◆ **Source material**
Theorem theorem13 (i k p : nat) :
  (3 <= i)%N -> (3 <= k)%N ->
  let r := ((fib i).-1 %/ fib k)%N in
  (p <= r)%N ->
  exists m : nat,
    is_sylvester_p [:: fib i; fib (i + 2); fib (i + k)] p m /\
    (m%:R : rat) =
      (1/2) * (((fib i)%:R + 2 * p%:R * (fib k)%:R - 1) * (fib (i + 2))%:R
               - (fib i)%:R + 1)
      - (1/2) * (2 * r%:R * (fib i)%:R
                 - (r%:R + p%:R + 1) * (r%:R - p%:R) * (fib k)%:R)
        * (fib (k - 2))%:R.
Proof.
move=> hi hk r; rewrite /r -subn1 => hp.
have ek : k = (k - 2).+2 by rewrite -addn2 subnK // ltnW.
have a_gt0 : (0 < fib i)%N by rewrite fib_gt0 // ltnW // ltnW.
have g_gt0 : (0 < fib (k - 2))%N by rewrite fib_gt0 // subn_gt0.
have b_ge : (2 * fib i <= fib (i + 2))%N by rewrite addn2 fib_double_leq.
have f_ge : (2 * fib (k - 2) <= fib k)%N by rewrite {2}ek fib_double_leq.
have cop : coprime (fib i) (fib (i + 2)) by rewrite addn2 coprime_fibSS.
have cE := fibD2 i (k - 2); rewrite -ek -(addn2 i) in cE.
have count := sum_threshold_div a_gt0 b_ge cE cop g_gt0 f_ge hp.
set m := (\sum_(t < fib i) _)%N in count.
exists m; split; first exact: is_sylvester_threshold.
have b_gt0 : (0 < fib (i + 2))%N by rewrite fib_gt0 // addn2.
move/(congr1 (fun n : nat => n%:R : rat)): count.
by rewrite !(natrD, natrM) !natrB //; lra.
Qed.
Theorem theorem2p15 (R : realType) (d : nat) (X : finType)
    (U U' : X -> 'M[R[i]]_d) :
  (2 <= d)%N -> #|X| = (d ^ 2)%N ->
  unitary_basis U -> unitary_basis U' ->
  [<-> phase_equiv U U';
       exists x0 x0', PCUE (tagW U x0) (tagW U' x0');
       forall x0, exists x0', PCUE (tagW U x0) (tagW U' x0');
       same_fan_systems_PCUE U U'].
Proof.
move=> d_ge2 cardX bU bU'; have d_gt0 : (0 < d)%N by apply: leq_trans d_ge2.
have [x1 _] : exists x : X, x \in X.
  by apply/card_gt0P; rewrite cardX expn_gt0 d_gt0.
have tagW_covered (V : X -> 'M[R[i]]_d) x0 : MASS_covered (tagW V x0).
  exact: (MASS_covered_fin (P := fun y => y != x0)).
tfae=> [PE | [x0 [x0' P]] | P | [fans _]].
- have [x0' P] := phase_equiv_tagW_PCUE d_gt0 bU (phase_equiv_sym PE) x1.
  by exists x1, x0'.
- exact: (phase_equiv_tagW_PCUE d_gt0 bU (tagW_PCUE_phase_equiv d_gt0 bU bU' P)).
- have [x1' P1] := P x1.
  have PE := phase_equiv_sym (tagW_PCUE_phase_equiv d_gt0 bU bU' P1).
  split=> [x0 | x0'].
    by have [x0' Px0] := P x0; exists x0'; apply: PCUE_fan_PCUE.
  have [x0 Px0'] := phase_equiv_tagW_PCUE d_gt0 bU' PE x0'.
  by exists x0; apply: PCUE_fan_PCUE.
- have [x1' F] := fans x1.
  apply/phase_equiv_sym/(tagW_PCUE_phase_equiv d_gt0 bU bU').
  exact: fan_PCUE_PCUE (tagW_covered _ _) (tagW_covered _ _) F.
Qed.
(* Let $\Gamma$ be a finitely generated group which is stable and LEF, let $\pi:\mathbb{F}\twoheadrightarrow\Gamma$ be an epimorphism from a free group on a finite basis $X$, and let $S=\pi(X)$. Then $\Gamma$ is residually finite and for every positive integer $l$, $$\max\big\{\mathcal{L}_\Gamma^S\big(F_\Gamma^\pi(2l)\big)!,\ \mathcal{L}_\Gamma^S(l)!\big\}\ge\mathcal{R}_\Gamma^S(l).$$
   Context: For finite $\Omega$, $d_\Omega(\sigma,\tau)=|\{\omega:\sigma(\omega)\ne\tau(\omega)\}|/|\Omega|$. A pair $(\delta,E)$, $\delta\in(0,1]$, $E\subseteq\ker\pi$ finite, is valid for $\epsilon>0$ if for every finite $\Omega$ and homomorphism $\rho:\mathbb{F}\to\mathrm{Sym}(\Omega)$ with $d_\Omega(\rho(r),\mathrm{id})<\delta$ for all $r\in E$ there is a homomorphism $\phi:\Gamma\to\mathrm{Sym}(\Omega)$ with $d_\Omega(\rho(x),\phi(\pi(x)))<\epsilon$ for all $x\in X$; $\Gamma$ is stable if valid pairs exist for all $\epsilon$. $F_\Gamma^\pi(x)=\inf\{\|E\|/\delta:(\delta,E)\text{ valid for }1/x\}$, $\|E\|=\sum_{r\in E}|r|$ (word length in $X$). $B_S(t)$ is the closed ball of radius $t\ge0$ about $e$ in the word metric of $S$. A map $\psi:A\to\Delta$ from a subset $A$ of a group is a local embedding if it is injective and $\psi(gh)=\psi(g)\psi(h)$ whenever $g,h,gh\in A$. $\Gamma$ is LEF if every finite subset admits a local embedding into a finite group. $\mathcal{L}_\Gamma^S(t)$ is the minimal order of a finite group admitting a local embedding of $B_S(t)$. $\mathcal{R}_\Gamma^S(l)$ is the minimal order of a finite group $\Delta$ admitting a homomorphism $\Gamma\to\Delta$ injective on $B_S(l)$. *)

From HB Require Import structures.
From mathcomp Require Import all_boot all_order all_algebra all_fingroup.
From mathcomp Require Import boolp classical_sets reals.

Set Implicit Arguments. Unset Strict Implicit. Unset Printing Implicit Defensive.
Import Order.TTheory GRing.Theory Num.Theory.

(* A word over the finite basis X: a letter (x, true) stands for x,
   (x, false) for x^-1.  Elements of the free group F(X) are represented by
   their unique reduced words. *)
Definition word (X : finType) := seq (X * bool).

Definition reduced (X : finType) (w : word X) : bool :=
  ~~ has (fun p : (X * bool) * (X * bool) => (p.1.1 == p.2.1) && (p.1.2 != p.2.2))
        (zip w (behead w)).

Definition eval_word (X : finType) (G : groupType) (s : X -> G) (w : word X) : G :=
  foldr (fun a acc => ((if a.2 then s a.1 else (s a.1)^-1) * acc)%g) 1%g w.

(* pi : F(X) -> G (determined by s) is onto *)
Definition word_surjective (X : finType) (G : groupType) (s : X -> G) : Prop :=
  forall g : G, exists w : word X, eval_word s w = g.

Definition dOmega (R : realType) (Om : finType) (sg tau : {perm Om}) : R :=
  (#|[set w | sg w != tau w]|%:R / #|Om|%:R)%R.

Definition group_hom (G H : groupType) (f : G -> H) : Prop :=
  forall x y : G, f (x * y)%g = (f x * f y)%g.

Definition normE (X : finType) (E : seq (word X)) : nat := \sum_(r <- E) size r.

◆ **Activity**
Transcribe the entries exactly, and make each line match the original.

◆ **Answer section**
Theorem theorem13 (i k p : nat) :
  (3 <= i)%N -> (3 <= k)%N ->
  let r := ((fib i).-1 %/ fib k)%N in
  (p <= r)%N ->
  exists m : nat,
    is_sylvester_p [:: fib i; fib (i + 2); fib (i + k)] p m /\
    (m%:R : rat) =
      (1/2) * (((fib i)%:R + 2 * p%:R * (fib k)%:R - 1) * (fib (i + 2))%:R
               - (fib i)%:R + 1)
      - (1/2) * (2 * r%:R * (fib i)%:R
                 - (r%:R + p%:R + 1) * (r%:R - p%:R) * (fib k)%:R)
        * (fib (k - 2))%:R.
Proof.
move=> hi hk r; rewrite /r -subn1 => hp.
have ek : k = (k - 2).+2 by rewrite -addn2 subnK // ltnW.
have a_gt0 : (0 < fib i)%N by rewrite fib_gt0 // ltnW // ltnW.
have g_gt0 : (0 < fib (k - 2))%N by rewrite fib_gt0 // subn_gt0.
have b_ge : (2 * fib i <= fib (i + 2))%N by rewrite addn2 fib_double_leq.
have f_ge : (2 * fib (k - 2) <= fib k)%N by rewrite {2}ek fib_double_leq.
have cop : coprime (fib i) (fib (i + 2)) by rewrite addn2 coprime_fibSS.
have cE := fibD2 i (k - 2); rewrite -ek -(addn2 i) in cE.
have count := sum_threshold_div a_gt0 b_ge cE cop g_gt0 f_ge hp.
set m := (\sum_(t < fib i) _)%N in count.
exists m; split; first exact: is_sylvester_threshold.
have b_gt0 : (0 < fib (i + 2))%N by rewrite fib_gt0 // addn2.
move/(congr1 (fun n : nat => n%:R : rat)): count.
by rewrite !(natrD, natrM) !natrB //; lra.
Qed.
Theorem theorem2p15 (R : realType) (d : nat) (X : finType)
    (U U' : X -> 'M[R[i]]_d) :
  (2 <= d)%N -> #|X| = (d ^ 2)%N ->
  unitary_basis U -> unitary_basis U' ->
  [<-> phase_equiv U U';
       exists x0 x0', PCUE (tagW U x0) (tagW U' x0');
       forall x0, exists x0', PCUE (tagW U x0) (tagW U' x0');
       same_fan_systems_PCUE U U'].
Proof.
move=> d_ge2 cardX bU bU'; have d_gt0 : (0 < d)%N by apply: leq_trans d_ge2.
have [x1 _] : exists x : X, x \in X.
  by apply/card_gt0P; rewrite cardX expn_gt0 d_gt0.
have tagW_covered (V : X -> 'M[R[i]]_d) x0 : MASS_covered (tagW V x0).
  exact: (MASS_covered_fin (P := fun y => y != x0)).
tfae=> [PE | [x0 [x0' P]] | P | [fans _]].
- have [x0' P] := phase_equiv_tagW_PCUE d_gt0 bU (phase_equiv_sym PE) x1.
  by exists x1, x0'.
- exact: (phase_equiv_tagW_PCUE d_gt0 bU (tagW_PCUE_phase_equiv d_gt0 bU bU' P)).
- have [x1' P1] := P x1.
  have PE := phase_equiv_sym (tagW_PCUE_phase_equiv d_gt0 bU bU' P1).
  split=> [x0 | x0'].
    by have [x0' Px0] := P x0; exists x0'; apply: PCUE_fan_PCUE.
  have [x0 Px0'] := phase_equiv_tagW_PCUE d_gt0 bU' PE x0'.
  by exists x0; apply: PCUE_fan_PCUE.
- have [x1' F] := fans x1.
  apply/phase_equiv_sym/(tagW_PCUE_phase_equiv d_gt0 bU bU').
  exact: fan_PCUE_PCUE (tagW_covered _ _) (tagW_covered _ _) F.
Qed.
(* Let $\Gamma$ be a finitely generated group which is stable and LEF, let $\pi:\mathbb{F}\twoheadrightarrow\Gamma$ be an epimorphism from a free group on a finite basis $X$, and let $S=\pi(X)$. Then $\Gamma$ is residually finite and for every positive integer $l$, $$\max\big\{\mathcal{L}_\Gamma^S\big(F_\Gamma^\pi(2l)\big)!,\ \mathcal{L}_\Gamma^S(l)!\big\}\ge\mathcal{R}_\Gamma^S(l).$$
   Context: For finite $\Omega$, $d_\Omega(\sigma,\tau)=|\{\omega:\sigma(\omega)\ne\tau(\omega)\}|/|\Omega|$. A pair $(\delta,E)$, $\delta\in(0,1]$, $E\subseteq\ker\pi$ finite, is valid for $\epsilon>0$ if for every finite $\Omega$ and homomorphism $\rho:\mathbb{F}\to\mathrm{Sym}(\Omega)$ with $d_\Omega(\rho(r),\mathrm{id})<\delta$ for all $r\in E$ there is a homomorphism $\phi:\Gamma\to\mathrm{Sym}(\Omega)$ with $d_\Omega(\rho(x),\phi(\pi(x)))<\epsilon$ for all $x\in X$; $\Gamma$ is stable if valid pairs exist for all $\epsilon$. $F_\Gamma^\pi(x)=\inf\{\|E\|/\delta:(\delta,E)\text{ valid for }1/x\}$, $\|E\|=\sum_{r\in E}|r|$ (word length in $X$). $B_S(t)$ is the closed ball of radius $t\ge0$ about $e$ in the word metric of $S$. A map $\psi:A\to\Delta$ from a subset $A$ of a group is a local embedding if it is injective and $\psi(gh)=\psi(g)\psi(h)$ whenever $g,h,gh\in A$. $\Gamma$ is LEF if every finite subset admits a local embedding into a finite group. $\mathcal{L}_\Gamma^S(t)$ is the minimal order of a finite group admitting a local embedding of $B_S(t)$. $\mathcal{R}_\Gamma^S(l)$ is the minimal order of a finite group $\Delta$ admitting a homomorphism $\Gamma\to\Delta$ injective on $B_S(l)$. *)

From HB Require Import structures.
From mathcomp Require Import all_boot all_order all_algebra all_fingroup.
From mathcomp Require Import boolp classical_sets reals.

Set Implicit Arguments. Unset Strict Implicit. Unset Printing Implicit Defensive.
Import Order.TTheory GRing.Theory Num.Theory.

(* A word over the finite basis X: a letter (x, true) stands for x,
   (x, false) for x^-1.  Elements of the free group F(X) are represented by
   their unique reduced words. *)
Definition word (X : finType) := seq (X * bool).

Definition reduced (X : finType) (w : word X) : bool :=
  ~~ has (fun p : (X * bool) * (X * bool) => (p.1.1 == p.2.1) && (p.1.2 != p.2.2))
        (zip w (behead w)).

Definition eval_word (X : finType) (G : groupType) (s : X -> G) (w : word X) : G :=
  foldr (fun a acc => ((if a.2 then s a.1 else (s a.1)^-1) * acc)%g) 1%g w.

(* pi : F(X) -> G (determined by s) is onto *)
Definition word_surjective (X : finType) (G : groupType) (s : X -> G) : Prop :=
  forall g : G, exists w : word X, eval_word s w = g.

Definition dOmega (R : realType) (Om : finType) (sg tau : {perm Om}) : R :=
  (#|[set w | sg w != tau w]|%:R / #|Om|%:R)%R.

Definition group_hom (G H : groupType) (f : G -> H) : Prop :=
  forall x y : G, f (x * y)%g = (f x * f y)%g.

Definition normE (X : finType) (E : seq (word X)) : nat := \sum_(r <- E) size r.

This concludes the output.